The big bad wolf wasn’t so far off from her own thoughts about Trey. But now she realized he was carrying a grocery bag.

“What are we celebrating with?” she asked.

“You like peanut butter fudge?”

She was suddenly ravenous. “Does Santa like cookies?”

“So I’ve heard. And chocolate. Do you like chocolate?”

“Do puppies pee?”

He chuckled, and dimples creased in his cheeks. How could she have forgotten them?

“You have puppies?” he asked. 


We
have puppies.” She claimed temporary ownership of the squirming, squeaking, peeing, pooping bunch. She felt happier on this one day in her sister’s messy house that smelled like
eau de
puppy than she’d been for years in her own immaculate house.

Stepping back, she swept the door open. “Come in and meet them.”

They went to the kitchen first, where she set down the bag on the table. Then on to the puppy room.

He stooped down with his hands out so the puppies could sniff and lick and nibble. When a golden puppy gnawed the toe of his right leather boot, he laughed and gently removed it, his hands big on the small body.

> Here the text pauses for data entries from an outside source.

Lemma gsort_nth_le i j : (i <= j < size s)%N -> g (nth 0 s j) <= g (nth 0 s i).
Proof.
case/andP=> le_ij lt_js; apply: (sorted_leq_nth (leT := fun x y => g y <= g x)).
- by move=> x y z /= le_yx le_zy; apply: le_trans le_zy le_yx.
- by move=> x /=.
- by apply: sort_sorted => x y; apply: le_total.
- by rewrite inE (leq_ltn_trans le_ij).
- by rewrite inE.
- exact: le_ij.
Qed.

Lemma gsort_nth_lt i j : (i < j < size s)%N -> g (nth 0 s j) < g (nth 0 s i).
Proof.
case/andP=> lt_ij lt_js; have lt_is := ltn_trans lt_ij lt_js.
rewrite lt_neqAle gsort_nth_le ?(ltnW lt_ij) ?lt_js // andbT.
apply: contraTneq lt_ij => /g_inj; rewrite -!mem_gsort !mem_nth // => /(_ isT isT) /eqP.
by rewrite nth_uniq ?gsort_uniq // => /eqP->; rewrite ltnn.
Qed.

Lemma nth_index_gsort x : x \in S -> (index x s < size s)%N /\ nth 0 s (index x s) = x.
Proof. by rewrite -mem_gsort => xs; rewrite index_mem nth_index. Qed.

End SortedVertices.

Section BisectionEdge.
Variables (R : realType) (n N : nat).
Local Notation pt := 'rV[R]_n.
Implicit Types (g : pt -> int) (S e : {fset pt}).

(* [w], [u] and [v] are the vertices v_m, v_(m-1) and v_j of the definition. *)
Lemma bse_dataP g S : {in S &, injective g} -> (2 <= #|`S|)%N ->
  exists w u v, [/\ w \in S, u \in S, v \in S, u != w &
   [/\ {in S, forall x, x != w -> g w < g x},
       {in S, forall x, x != w -> x != u -> g u < g x},
       lev N (g v) = lev N (g w),
       {in S, forall x, lev N (g x) = lev N (g w) -> g x <= g v} &
       bse_data N g S =
         if lev N (g w) != lev N (g u) then ([fset u; w]%fset, edge_gsharp N (g u) (g w))
         else ([fset v; w]%fset, edge_gsharp N (g v) (g w))]].
Proof.
move=> g_inj S_ge2; set s := gsort g S.
have size_s : size s = #|`S| by apply: size_gsort.
set m := (size s).-1.
have lt_ms : (m < size s)%N by rewrite /m size_s; lia.
have m_gt0 : (0 < m)%N by rewrite /m size_s; lia.
have size_m : size s = m.+1 by rewrite /m prednK // size_s; lia.
set P := fun x => lev N (g x) == lev N (g (nth 0 s m)).
have hasP : has P s by apply/hasP; exists (nth 0 s m); rewrite ?mem_nth /P.
have lt_find : (find P s < size s)%N by rewrite -has_find.
have in_S i : (i < size s)%N -> nth 0 s i \in S by move=> lt_is; rewrite -(mem_gsort g) mem_nth.
have uniq_s : uniq s := gsort_uniq g S.
have index_s x : x \in S -> (index x s < size s)%N /\ nth 0 s (index x s) = x.
  exact: nth_index_gsort.
exists (nth 0 s m), (nth 0 s m.-1), (nth 0 s (find P s)); split.
- exact: in_S.
- by apply: in_S; lia.
- exact: in_S.
- rewrite nth_uniq //; last exact: leq_ltn_trans (leq_pred m) lt_ms.
  by apply/eqP; move: m_gt0; clear; lia.
split.
- move=> x xS; have [lt_xs <-] := index_s x xS.
  rewrite nth_uniq // => ne_xm; apply: gsort_nth_lt => //; rewrite -/s; lia.
- move=> x xS; have [lt_xs <-] := index_s x xS.
  rewrite !nth_uniq //; last exact: leq_ltn_trans (leq_pred m) lt_ms.
  move=> ne_xm ne_xm1.
  by apply: gsort_nth_lt => //; rewrite -/s; lia.
- exact/eqP/(nth_find 0 hasP).
- move=> x xS /eqP Px; have [lt_xs <-] := index_s x xS.
  apply: gsort_nth_le => //; rewrite -/s lt_xs andbT leqNgt.
  by apply/negP => /(before_find 0); rewrite nth_index ?(mem_gsort g) // /P Px.
- rewrite /bse_data -/s /edge_gsharp eq_sym; case: ifP => // _.
  by rewrite (eqP (nth_find 0 hasP)) eqxx.
Qed.

Lemma edge_sorted_by_gen g e : #|`e| = 2%N -> {in e &, injective g} ->
  exists x y, [/\ e = [fset x; y]%fset, x != y & g y < g x].
Proof.
move=> e2 g_inj; have := fset_uniq e; have : size (enum_fset e) = 2%N by [].
case E: (enum_fset e) => [|a [|b []]] //= _; rewrite inE andbT => ne_ab.
have eE : e = [fset a; b]%fset by apply/fsetP => z; rewrite -[z \in e]/(z \in enum_fset e) E !inE.
have aE : a \in e by rewrite eE !inE eqxx.
have bE : b \in e by rewrite eE !inE eqxx orbT.
have ne_g : g a != g b by apply: contra ne_ab => /eqP/g_inj ->.
case: (ltgtP (g a) (g b)) => [lt_ab | lt_ba | eq_ab]; last by rewrite eq_ab eqxx in ne_g.
- by exists b, a; rewrite eE fsetUC eq_sym.
- by exists a, b.
Qed.

Lemma bse_data_edge g x y : x != y -> g y < g x ->
  bse_data N g [fset x; y]%fset = ([fset x; y]%fset, edge_gsharp N (g x) (g y)).
Proof.
move=> ne_xy lt_yx.
have g_inj : {in [fset x; y]%fset &, injective g}.
  by move=> a b; rewrite !inE => /orP[]/eqP-> /orP[]/eqP-> // eq_g;
    move: lt_yx; rewrite eq_g ltxx.
have S_ge2 : (2 <= #|`[fset x; y]%fset|)%N by rewrite cardfs2 ne_xy.
have [w [u [v [wS uS vS ne_uw [min_w _ lev_v max_v ->]]]]] := bse_dataP g_inj S_ge2.
have xS : x \in [fset x; y]%fset by rewrite !inE eqxx.
have yS : y \in [fset x; y]%fset by rewrite !inE eqxx orbT.
have eq_wy : w = y.
  move: wS; rewrite !inE => /orP[]/eqP // eq_wx.
  have := min_w y yS; rewrite eq_wx eq_sym ne_xy => /(_ isT).
  by rewrite ltNge (ltW lt_yx).
subst w.
have -> : u = x by move: uS ne_uw; rewrite !inE => /orP[]/eqP-> //; rewrite eqxx.
case: ifP => // /negbFE/eqP eq_lev.
have -> // : v = x.
move: vS; rewrite !inE => /orP[]/eqP // eq_vy.
have := max_v x xS; rewrite eq_vy -eq_lev => /(_ erefl).
by rewrite leNgt lt_yx.
Qed.

Lemma bseP g S : {in S &, injective g} -> (2 <= #|`S|)%N ->
  [/\ fsubset (bse N g S) S, #|`bse N g S| = 2%N & gsharp N g (bse N g S) = gsharp N g S].
Proof.
move=> g_inj S_ge2.
have [w [u [v [wS uS vS ne_uw [min_w _ lev_v max_v E]]]]] := bse_dataP g_inj S_ge2.
have lt_wu := min_w u uS ne_uw.
have sub_edge x : x \in S -> fsubset [fset x; w]%fset S.
  by move=> xS; apply/fsubsetP => z; rewrite !inE => /orP[]/eqP->.
rewrite /bse /gsharp E; case: ifP => [_ | /negbFE/eqP eq_lev] /=.
  by rewrite bse_data_edge // cardfs2 ne_uw; split=> //; apply: sub_edge.
have lt_wv : g w < g v by apply: lt_le_trans lt_wu (max_v u uS (esym eq_lev)).
have ne_vw : v != w by apply: contraTneq lt_wv => ->; rewrite ltxx.
by rewrite bse_data_edge // cardfs2 ne_vw; split=> //; apply: sub_edge.
Qed.

Hypothesis N_gt0 : (0 < N)%N.

Lemma gsharp_lt_edge g S e : {in S &, injective g} -> (2 <= #|`S|)%N ->
  fsubset e S -> #|`e| = 2%N -> e != bse N g S -> gsharp N g S < gsharp N g e.
Proof.
move=> g_inj S_ge2 eS e2.
have [x [y [eE ne_xy lt_yx]]] := edge_sorted_by_gen e2 (sub_in2 (fsubsetP eS) g_inj); subst e.
have xS : x \in S by apply: (fsubsetP eS); rewrite !inE eqxx.
have yS : y \in S by apply: (fsubsetP eS); rewrite !inE eqxx orbT.
have [w [u [v [wS uS vS ne_uw [min_w min_u lev_v max_v E]]]]] := bse_dataP g_inj S_ge2.
have le_wy : g w <= g y by case: (eqVneq y w) => [-> // | /(min_w y yS)/ltW].
have ne_xw : x != w by apply: contraTneq (le_lt_trans le_wy lt_yx) => ->; rewrite ltxx.
have lt_wu := min_w u uS ne_uw.
rewrite /gsharp /bse E bse_data_edge //.
case: ifP => [ne_lev | /negbFE/eqP eq_lev] /= ne_e.
- have ne_xu : x != u.
    apply: contra_neq ne_e => eq_xu; case: (eqVneq y w) => [-> | ne_yw]; first by rewrite eq_xu.
    have := min_u y yS ne_yw; rewrite -eq_xu eq_sym ne_xy => /(_ isT).
    by rewrite ltNge (ltW lt_yx).
  apply: edge_gsharp_lt_of_lev_neq => //; first exact: min_u.
  case: (eqVneq y w) => [-> | ne_yw]; [by left | right].
  by case: (eqVneq y u) => [-> // | ne_yu]; apply/ltW; apply: min_u.
- apply: edge_gsharp_lt_of_lev_eq => //.
  + exact: lt_le_trans lt_wu (max_v u uS (esym eq_lev)).
  + exact: max_v.
  + case: (eqVneq x v) => [eq_xv | ne_xv].
      by right; apply: contra_neq ne_e => /(g_inj _ _ yS wS) ->; rewrite eq_xv.
    by left; apply: contra_neq ne_xv; apply: g_inj.
Qed.

Lemma gen_lt_gsharp_edge g e : #|`e| = 2%N -> {in e &, injective g} ->
  {in e, forall v, g v < gsharp N g e}.
Proof.
move=> e2 g_inj; have [x [y [-> ne_xy lt_yx]]] := edge_sorted_by_gen e2 g_inj.
have lt_x := edge_gsharp_gt N_gt0 lt_yx.
by rewrite /gsharp bse_data_edge // => v; rewrite !inE => /orP[]/eqP-> //; apply: lt_trans lt_x.
Qed.

Lemma gsharp_eq_in g1 g2 S : {in S, g1 =1 g2} -> {in S &, injective g1} ->
  (2 <= #|`S|)%N -> gsharp N g1 S = gsharp N g2 S.
Proof.
move=> eq_g g1_inj S_ge2; rewrite /gsharp.
have g2_inj : {in S &, injective g2} by move=> x y xS yS; rewrite -!eq_g //; apply: g1_inj.
have [w [u [v [wS uS vS ne_uw [min_w min_u lev_v max_v ->]]]]] := bse_dataP g1_inj S_ge2.
have [w' [u' [v' [wS' uS' vS' ne_uw' [min_w' min_u' lev_v' max_v' ->]]]]] :=
  bse_dataP g2_inj S_ge2.
have eq_w : w' = w.
  apply/eqP; apply: contraT => ne_w.
  have := min_w' w wS; rewrite eq_sym ne_w -!eq_g // => /(_ isT) lt_w.
  by have := lt_trans lt_w (min_w w' wS' ne_w); rewrite ltxx.
subst w'.
have eq_u : u' = u.
  apply/eqP; apply: contraT => ne_u.
  have := min_u' u uS ne_uw; rewrite eq_sym ne_u -!eq_g // => /(_ isT) lt_u.
  by have := lt_trans lt_u (min_u u' uS' ne_uw' ne_u); rewrite ltxx.
subst u'.
have eq_v : v' = v.
  apply: g1_inj => //; apply/eqP; rewrite eq_le max_v //=; last by rewrite !eq_g.
  by rewrite !eq_g // max_v' // -!eq_g.
by rewrite eq_v !eq_g.
Qed.

End BisectionEdge.

Section ProperGenerations.
Variables (R : realType) (n N : nat).
Hypothesis N_gt0 : (0 < N)%N.
Local Notation pt := 'rV[R]_n.

Definition proper_gen (g : pt -> int) (T : {fset pt}) : Prop :=
  {in T &, injective g} /\ {in T, forall v, g v < gsharp N g T}.

Lemma proper_gen_eq_in g1 g2 T : {in T, g1 =1 g2} -> (2 <= #|`T|)%N ->
  proper_gen g1 T -> proper_gen g2 T.
Proof.
move=> eq_g T_ge2 [g1_inj lt_g1]; rewrite /proper_gen -(gsharp_eq_in N eq_g g1_inj T_ge2).
by split=> [x y xT yT | v vT]; rewrite -!eq_g //; [apply: g1_inj | apply: lt_g1].
Qed.

(* The new vertex [z] is the youngest vertex of the child, and every edge of the
   child either contains [z] or is an edge of [A] other than its bisection edge. *)
Lemma proper_gen_child g g' A a z : proper_gen g A -> (2 <= #|`A|)%N ->
  a \in bse N g A -> z \notin A -> {in A, g' =1 g} -> g' z = gsharp N g A ->
  proper_gen g' (z |` (A `\ a))%fset.
Proof.
move=> [g_inj lt_gA] A_ge2 aB zA eq_g' g'z.
have [sB _ _] := bseP N g_inj A_ge2; have aA := fsubsetP sB a aB.
set C := (z |` (A `\ a))%fset.
have CA v : v \in C -> v != z -> v \in (A `\ a)%fset.
  by rewrite in_fset1U => /orP[/eqP-> | //]; rewrite eqxx.
have lt_z v : v \in C -> v != z -> g' v < g' z.
  by move=> vC ne_vz; have /fsetD1P[_ vA] := CA v vC ne_vz; rewrite g'z eq_g' //; apply: lt_gA.
have g'_inj : {in C &, injective g'}.
  move=> x y xC yC; case: (eqVneq x z) => [-> | ne_xz]; case: (eqVneq y z) => [-> | ne_yz] //.
  - by move=> eq_zy; have := lt_z y yC ne_yz; rewrite eq_zy ltxx.
  - by move=> eq_xz; have := lt_z x xC ne_xz; rewrite eq_xz ltxx.
  have /fsetD1P[_ xA] := CA x xC ne_xz; have /fsetD1P[_ yA] := CA y yC ne_yz.
  by rewrite !eq_g' //; apply: g_inj.
have C_ge2 : (2 <= #|`C|)%N.
  by move: A_ge2; rewrite /C cardfsU1 in_fsetD1 (negbTE zA) andbF (cardfsD1 a A) aA.
have lt_edge e : fsubset e C -> #|`e| = 2%N -> g' z < gsharp N g' e.
  move=> eC e2; have g'_inj_e := sub_in2 (fsubsetP eC) g'_inj.
  have [ze | zNe] := boolP (z \in e); first exact: gen_lt_gsharp_edge.
  have eA : fsubset e (A `\ a)%fset.
    by apply/fsubsetP => v ve; apply: CA; [apply: (fsubsetP eC) | apply: contraNneq zNe => <-].
  have eq_g'_e : {in e, g' =1 g} by move=> v /(fsubsetP eA) /fsetD1P[_ /eq_g'].
  rewrite (gsharp_eq_in N eq_g'_e) ?e2 // g'z; apply: gsharp_lt_edge => //.
  - exact: fsubset_trans eA (fsubsetDl _ _).
  - by apply: contraTneq aB => <-; apply/negP => /(fsubsetP eA); rewrite in_fsetD1 eqxx.
rewrite /proper_gen; have [sBC BC2 <-] := bseP N g'_inj C_ge2.
split=> // v vC; have := lt_edge _ sBC BC2.
by case: (eqVneq v z) => [-> // | ne_vz]; apply: lt_trans (lt_z v vC ne_vz).
Qed.

End ProperGenerations.

Section Barycentric.
Variables (R : realType) (n : nat).
Local Notation pt := 'rV[R]_n.
Implicit Types (A D E : {fset pt}) (l mu : pt -> R) (x : pt).

Definition barycentric A l x : Prop :=
  [/\ {in A, forall v, 0 <= l v}, \sum_(v <- A) l v = 1 & x = \sum_(v <- A) l v *: v].

Lemma convP A x : Defs.conv A x <-> exists l, barycentric A l x.
Proof. by split=> -[l]; [case=> ? [? ?] | case]; exists l. Qed.

Lemma sum_restrict (V : zmodType) D E (F : pt -> V) :
  {in D, forall v, v \notin E -> F v = 0} ->
  \sum_(v <- E) (if v \in D then F v else 0) = \sum_(v <- D) F v.
Proof.
move=> F0; rewrite (big_fset_incl _ (fsubsetUr D E)) => [|v _ vNE]; last first.
  by case: ifP => // vD; apply: F0.
rewrite -(big_fset_incl _ (fsubsetUl D E)) => [|v _ vND]; last by rewrite (negbTE vND).
by apply: eq_fbigr => v vD _; rewrite vD.
Qed.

Petting the puppies, Trey didn’t seem like the bad boy she’d remembered. Of course not. She should know better than to believe gossip. Especially since life as an adult in a small town was a lot like it was in high school.

Then he looked at her. Her body heated again and she told herself it was too warm in this room with the sun shining through the dining room’s long rectangular window.

Goldie barked and Becky let her outside. Ignoring the puppies’ whines, Becky and Trey went into the kitchen and ate peanut butter-chocolate fudge. “I can’t think of a better way to celebrate my divorce,” she said, and then thought of the dinner tonight. But whatever she had for dinner would have to be very good to beat the fudge...and spending a few minutes with Trey.

He gave her a crooked smile. “I can. But don’t think it’s what you want.”

Her face flushed. “I was right about you.”

“What’s that?”

“You were the bad boy at school.”

He leaned back in the chair and shouted with laughter; the two front chair legs lifted a couple of inches and his face glowed with life.

Deep inside her, something stirred. 

This man
,
it said.
This man.

He tipped the chair forward. “You know what I think?”

She shook her head, beyond thinking.

“I think Goldie wants to come in.”

Flustered and hot. Embarrassed because he probably read her mind and knew just what she was feeling and thinking, she stood too fast. Her chair tumbled back, crashed into the stove, and the puppies in the dining room squealed and barked. While she righted the chair, her face flamed, and she heard his boot steps on the laminated floor.